Titus Hale was an enterprising young man at sixteen years of age.
A few days after that [the election] we sold our team, and I engaged in business peddling Nuts. I bought my first stock from R. Gelston, 25 lbs. for $6.25. I used an old champaign basket, had a hoop tied on to it for a handle. I commenced work at Noon and sold out before midnight, profit $10.
After I had accumulated about $300. I put a small tent house on the lot of Suydam and Galloway, next door to the corner of 4th St. now J., where I sold pies, cakes, nuts, etc. I had about $600. stock when the flood came. During the time of the overflow, I boarded on the Brig Toronto. Among the boarders was our respected brother Paul – he was partner with Dr. White of St. Louis, Mo. Among the guests on the Toronto, whom I remember, were – Dr. White and family; Miss Caroline Fairchild – a most beautiful young lady -; Major Dudley, Joe Bassett; Mr. Patrick. The Proprietors, were Mayhem and Hite.

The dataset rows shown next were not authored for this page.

Lemma rayleigh_sup_eigenvalue : eigenvalue M rayleigh_sup.
Proof.
set lam := rayleigh_sup; set N := lam%:M - M.
(* If [N] were invertible, [|y|^2 <= K * qform N y] for every [y], which fails
   for the near-maximisers of the Rayleigh quotient. *)
apply: contraT => not_eig.
have Q_unit : M - lam%:M \in unitmx.
  by rewrite -row_free_unit -kermx_eq0 -[_ == 0]negbK.
have N_sym : N^T = N by rewrite /N linearB /= M_sym tr_scalar_mx.
have N_psd v : 0 <= qform N v.
  by rewrite qform_scalar_sub subr_ge0 qform_le_rayleigh_sup.
set B := l1mx N + 1.
have B_gt0 : 0 < B by rewrite ltr_wpDl ?l1mx_ge0.
have N_le v : qform N v <= B * sqnorm v.
  apply: le_trans (ler_norm _) _; apply: le_trans (qform_abs_le _ _) _.
  by rewrite ler_wpM2r ?sqnorm_ge0 // lerDl.
set Qi := invmx (M - lam%:M); set K := l1mx (Qi^T *m Qi) * B.
have K_ge0 : 0 <= K by rewrite mulr_ge0 ?l1mx_ge0 // ltW.
have sqnorm_le y : sqnorm y <= K * qform N y.
  rewrite -{1}(mulKmx Q_unit y) -mulrA; apply: le_trans (sqnorm_mul_le _ _) _.
  rewrite ler_wpM2l ?l1mx_ge0 //.
  have -> : (M - lam%:M) *m y = - (N *m y) by rewrite /N -mulNmx opprB.
  by rewrite /sqnorm qformN psd_sqnorm_mul_le.
have eps_gt0 : 0 < (K + 1)^-1 by rewrite invr_gt0; lra.
have [_ [y /= y1 <-]] := sup_adherent eps_gt0 rayleigh_has_sup.
rewrite -/rayleigh_sup -/lam => lam_lt.
have := sqnorm_le y; rewrite qform_scalar_sub y1 mulr1.
have : K * (lam - qform M y) <= K / (K + 1) by apply: ler_wpM2l => //; lra.
have : K / (K + 1) < 1 by rewrite ltr_pdivrMr; lra.
lra.
Qed.

End Rayleigh.

Lemma nonneg_sym_sqnorm_mul_le (R : realType) n (A : 'M[R]_n) (c : R) :
  A^T = A -> (forall i j, 0 <= A i j) -> (forall mu, eigenvalue A mu -> mu <= c) ->
  0 < c -> forall y, sqnorm (A *m y) <= c ^+ 2 * sqnorm y.
Proof.
case: n A => [|n] A A_sym A_ge0 eig_le c_gt0 y.
  by rewrite !sqnormE !big_ord0 mulr0.
apply: sym_sqnorm_mul_le => // v.
apply: le_trans (qform_abs_le_abs _ A_ge0) _.
apply: le_trans (qform_le_rayleigh_sup _ (ltn0Sn n) _) _.
by rewrite sqnorm_abs ler_wpM2r ?sqnorm_ge0 // eig_le // rayleigh_sup_eigenvalue.
Qed.

Section Tail.
Local Open Scope classical_set_scope.
Variables (R : realType) (n : nat) (w : nat -> R) (P : 'M[R]_n) (x : 'cV[R]_n).
Variables (L : nat) (T : R).
Hypothesis pterm_ge0 : forall i v, 0 <= pterm w P x i v ord0.
Hypothesis tail_mass_le :
  forall N, \sum_(L.+1 <= i < N) \sum_v pterm w P x i v ord0 <= T.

Autobiography and Reminiscence of Titus Hale, Society of California Pioneers
Roland Gelston was captain of the bark Whiton and sold his stock from his ship. He brought the first shipload of merchandise directly to Sacramento from the Eastern states. Titus doesn’t say what kind of nuts he bought from Gelston, but in July John Bidwell bought 22.5 pounds of shelled almonds from him for 80 cents a pound. Titus’s nuts must have been in the shell to be cheaper than that.

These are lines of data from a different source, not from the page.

Definition coprime_poly (P Q : list R) : Prop :=
  exists A B : list R, forall x, peval A x * peval P x + peval B x * peval Q x = 1.

Definition lowest_terms (P Q P0 Q0 : list R) : Prop :=
  coprime_poly P0 Q0 /\ (exists x, peval Q0 x <> 0) /\
  forall x, peval P0 x * peval Q x = peval P x * peval Q0 x.

Definition deriv_seq (f : R -> R) (U : R -> Prop) (D : nat -> R -> R) : Prop :=
  (forall x, U x -> D O x = f x) /\
  (forall k x, U x -> derivable_pt_lim (D k) x (D (S k) x)).

Definition abs_monotonic_at (P Q : list R) (x : R) : Prop :=
  exists P0 Q0, lowest_terms P Q P0 Q0 /\ peval Q0 x <> 0 /\
    exists D, deriv_seq (fun y => peval P0 y / peval Q0 y) (fun y => peval Q0 y <> 0) D /\
      forall k, 0 <= D k x.

Inductive ereal : Type := Fin (r : R) | PInf.

Definition ele (a b : ereal) : Prop :=
  match a, b with
  | _, PInf => True
  | PInf, Fin _ => False
  | Fin x, Fin y => x <= y
  end.

Definition is_esup (S : ereal -> Prop) (s : ereal) : Prop :=
  (forall a, S a -> ele a s) /\ (forall b, (forall a, S a -> ele a b) -> ele s b).

Definition am_radius_set (P Q : list R) (a : ereal) : Prop :=
  a = Fin 0 \/
  exists r, a = Fin r /\ 0 <= r /\ forall x, -r <= x <= 0 -> abs_monotonic_at P Q x.

Definition am_radius (P Q : list R) (s : ereal) : Prop := is_esup (am_radius_set P Q) s.

Definition in_Pi (m n p : nat) (P Q : list R) : Prop :=
  deg_le P m /\ deg_le Q n /\ (exists x, peval Q x <> 0) /\
  exists C delta, 0 < delta /\
    forall z, Rabs z < delta -> peval Q z <> 0 ->
      Rabs (peval P z / peval Q z - exp z) <= C * Rabs z ^ (S p).

Definition R_mnp (m n p : nat) (s : ereal) : Prop :=
  is_esup (fun a => exists P Q, in_Pi m n p P Q /\ am_radius P Q a) s.

Definition P36 : list R := [1; 1/2; 1/10; 1/120].
Definition Q36 : list R := [1; -1/2; 1/10; -1/120].

Definition r36 : R :=
  -2 + Rpower 4 (1/3) * (Rpower (3 - sqrt 5) (1/3) + Rpower (3 + sqrt 5) (1/3)).

(* Q36 has a real zero rho = 4 + 4/(r36 + 4) and complex zeros sigma, conj sigma,
   and by partial fractions psi36(x) = -1 + resA/(rho - x) + 2 Re(gamma/(sigma - x)).
   So the k-th derivative is k! (resA/(rho - x)^(k+1) + 2 Re(gamma w^(k+1))), minus 1
   at k = 0, where w = 1/(sigma - x).  The identity
     |sigma - x|^2 - (rho - x)^2 = 12 (x + r36)/(r36 + 4)
   says the real pole is the nearest one exactly when x >= -r36.  There, since
   resA > 2 |gamma|, all derivatives are nonnegative.  For x < -r36 the complex term
   dominates, and as gamma w^n turns by a fixed nonreal angle its real part is
   very negative in every long enough window of exponents (a quantitative lemma on
   plane rotations), so some derivative is negative.
   Separately, Taylor's theorem gives psi36 - exp = O(z^7), and for P/Q in Pi_{3/3,6}
   the polynomial P Q36 - P36 Q has degree <= 6 and is O(z^7), hence vanishes.
   Lowest terms, absolute monotonicity and the radius only depend on the rational
   function, which yields R_{3/3,6} = R(psi36) = r36. *)

From Stdlib Require Import Reals Lra Psatz List Classical.
From Coquelicot Require Import Coquelicot.
Import ListNotations.
Open Scope R_scope.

The principle entertainment was gambling and young Titus gave that a try too. But only once.
During the time I was peddling nuts, Mr. F. A. Hihn – of Santa Cruz- was peddling candy. We both frequented the Auctions. Among the Auctioneers, were Major Dudley and Dr. Pierson Starr – I followed the crowd at the auctions in day-time, and at the Gambling houses at night.

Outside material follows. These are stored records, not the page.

(* Let $\mathbb F$ be a field of odd characteristic or of characteristic $0$, and let $\overline{\mathbb F}$ be an algebraically closed field containing $\mathbb F[i]$, where $i^2=-1$. Let $r_1,r_2\in\mathbb F$, and for $j=1,2$ let $C_j$ be the line complex in $\mathbb P^3(\overline{\mathbb F})$ defined by the hyperplane $\mathcal H_j=\{\boldsymbol N_j\cdot\boldsymbol P=0\}$, where $$\boldsymbol N_j=[2r_j:-1:0:0:1:0].$$ Let $S$ be a doubly-ruled quadric surface in $\mathbb P^3(\overline{\mathbb F})$, and suppose one of its rulings contains three distinct lines of $C_1$. Then the complementary ruling of $S$ contains at most two lines of $C_2$. The same holds with the roles of $C_1$ and $C_2$ interchanged.
   Context: Plücker coordinates: a line through two distinct points $(x_0:\dots:x_3)$ and $(y_0:\dots:y_3)$ of $\mathbb P^3$ has Plücker vector $$\boldsymbol P=[P_{01}:P_{02}:P_{03}:P_{23}:P_{31}:P_{12}]=[\boldsymbol\omega:\boldsymbol v],\qquad P_{ij}=x_iy_j-x_jy_i.$$ The Klein quadric is $\mathcal K=\{\boldsymbol\omega\cdot\boldsymbol v=0\}$. The line complex $C_j$ is the set of lines whose Plücker vectors lie in $\mathcal K\cap\mathcal H_j$. It is regular because $\boldsymbol N_j\notin\mathcal K$. Its lines include, for each $(x,y,z)$, the line with Plücker vector $$[1:r_j-z:x-iy:r_j^2-x^2-y^2-z^2:-(z+r_j):x+iy].$$ The rulings of a doubly-ruled quadric are reguli: sets of lines whose Plücker vectors form the transverse intersection of $\mathcal K$ with a two-plane in $\mathbb P^5$. *)

From HB Require Import structures.
From mathcomp Require Import all_boot all_order all_algebra all_field.
Set Implicit Arguments. Unset Strict Implicit. Unset Printing Implicit Defensive.
Import Order.TTheory GRing.Theory Num.Theory.
Local Open Scope ring_scope.

(* Points of P^3(K): nonzero row vectors 'rV[K]_4 (up to scaling).
   Lines of P^3(K): 2x4 matrices of rank 2; the line is the (projectivised)
   row space, two matrices L, M denote the same line iff (L == M)%MS. *)

Definition is_line (K : fieldType) (L : 'M[K]_(2,4)) : Prop := \rank L = 2%N.

Definition point_on_line (K : fieldType) (x : 'rV[K]_4) (L : 'M[K]_(2,4)) : Prop :=
  x != 0 /\ (x <= L)%MS.

Definition same_line (K : fieldType) (L M : 'M[K]_(2,4)) : Prop := (L == M)%MS.

Definition pl (K : fieldType) (L : 'M[K]_(2,4)) (i j : nat) : K :=
  L 0 (inord i) * L 1 (inord j) - L 0 (inord j) * L 1 (inord i).

Definition plucker (K : fieldType) (L : 'M[K]_(2,4)) : 'rV[K]_6 :=
  \row_(k < 6) nth 0 [:: pl L 0 1; pl L 0 2; pl L 0 3;
                          pl L 2 3; pl L 3 1; pl L 1 2] k.

Definition Nvec (K : fieldType) (r : K) : 'rV[K]_6 :=
  \row_(k < 6) nth 0 [:: 2 * r; -1; 0; 0; 1; 0] k.

Definition dot6 (K : fieldType) (u v : 'rV[K]_6) : K := \sum_(k < 6) u 0 k * v 0 k.

Definition in_complex (K : fieldType) (r : K) (L : 'M[K]_(2,4)) : Prop :=
  is_line L /\ dot6 (Nvec r) (plucker L) = 0.

(* A quadric surface in P^3(K): zero set of the quadratic form x Q x^T with
   Q a nonzero symmetric 4x4 matrix. *)
Definition quadric_surface (K : fieldType) (Q : 'M[K]_4) : Prop :=
  Q^T = Q /\ Q != 0.

Definition point_on_quadric (K : fieldType) (Q : 'M[K]_4) (x : 'rV[K]_4) : Prop :=
  x != 0 /\ (x *m Q *m x^T) 0 0 = 0.

Definition line_in_quadric (K : fieldType) (Q : 'M[K]_4) (L : 'M[K]_(2,4)) : Prop :=
  is_line L /\ forall x : 'rV[K]_4, (x <= L)%MS -> (x *m Q *m x^T) 0 0 = 0.

Definition ruling (K : fieldType) (Q : 'M[K]_4) (R : 'M[K]_(2,4) -> Prop) : Prop :=
  [/\ forall L, R L -> line_in_quadric Q L,
      forall x, point_on_quadric Q x -> exists L, R L /\ point_on_line x L
    & forall x L M, R L -> R M -> point_on_line x L -> point_on_line x M ->
        same_line L M].

Definition complementary (K : fieldType) (R1 R2 : 'M[K]_(2,4) -> Prop) : Prop :=
  forall L M, R1 L -> R2 M -> ~ same_line L M.

Definition doubly_ruled (K : fieldType) (Q : 'M[K]_4) : Prop :=
  quadric_surface Q /\
  exists R1 R2, [/\ ruling Q R1, ruling Q R2 & complementary R1 R2].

There were about fifteen boys in Sacramento during the winter of ‘49. Most of them took to drink. (I never drank liquor unless administered to me by a Doctor, and only three times in that way.) Some of the boys were making lots of money gambling, so one evening I concluded to change my business. I left my basket of nuts at home and went down town with the intention of making a fortune out of the Gamblers, as some of my companions had done. I bet, 50 cts. on Monte and won, I continued through the evening to win and lose, at midnight I had lost the original investment, 50 cts. I have never bet on anything since.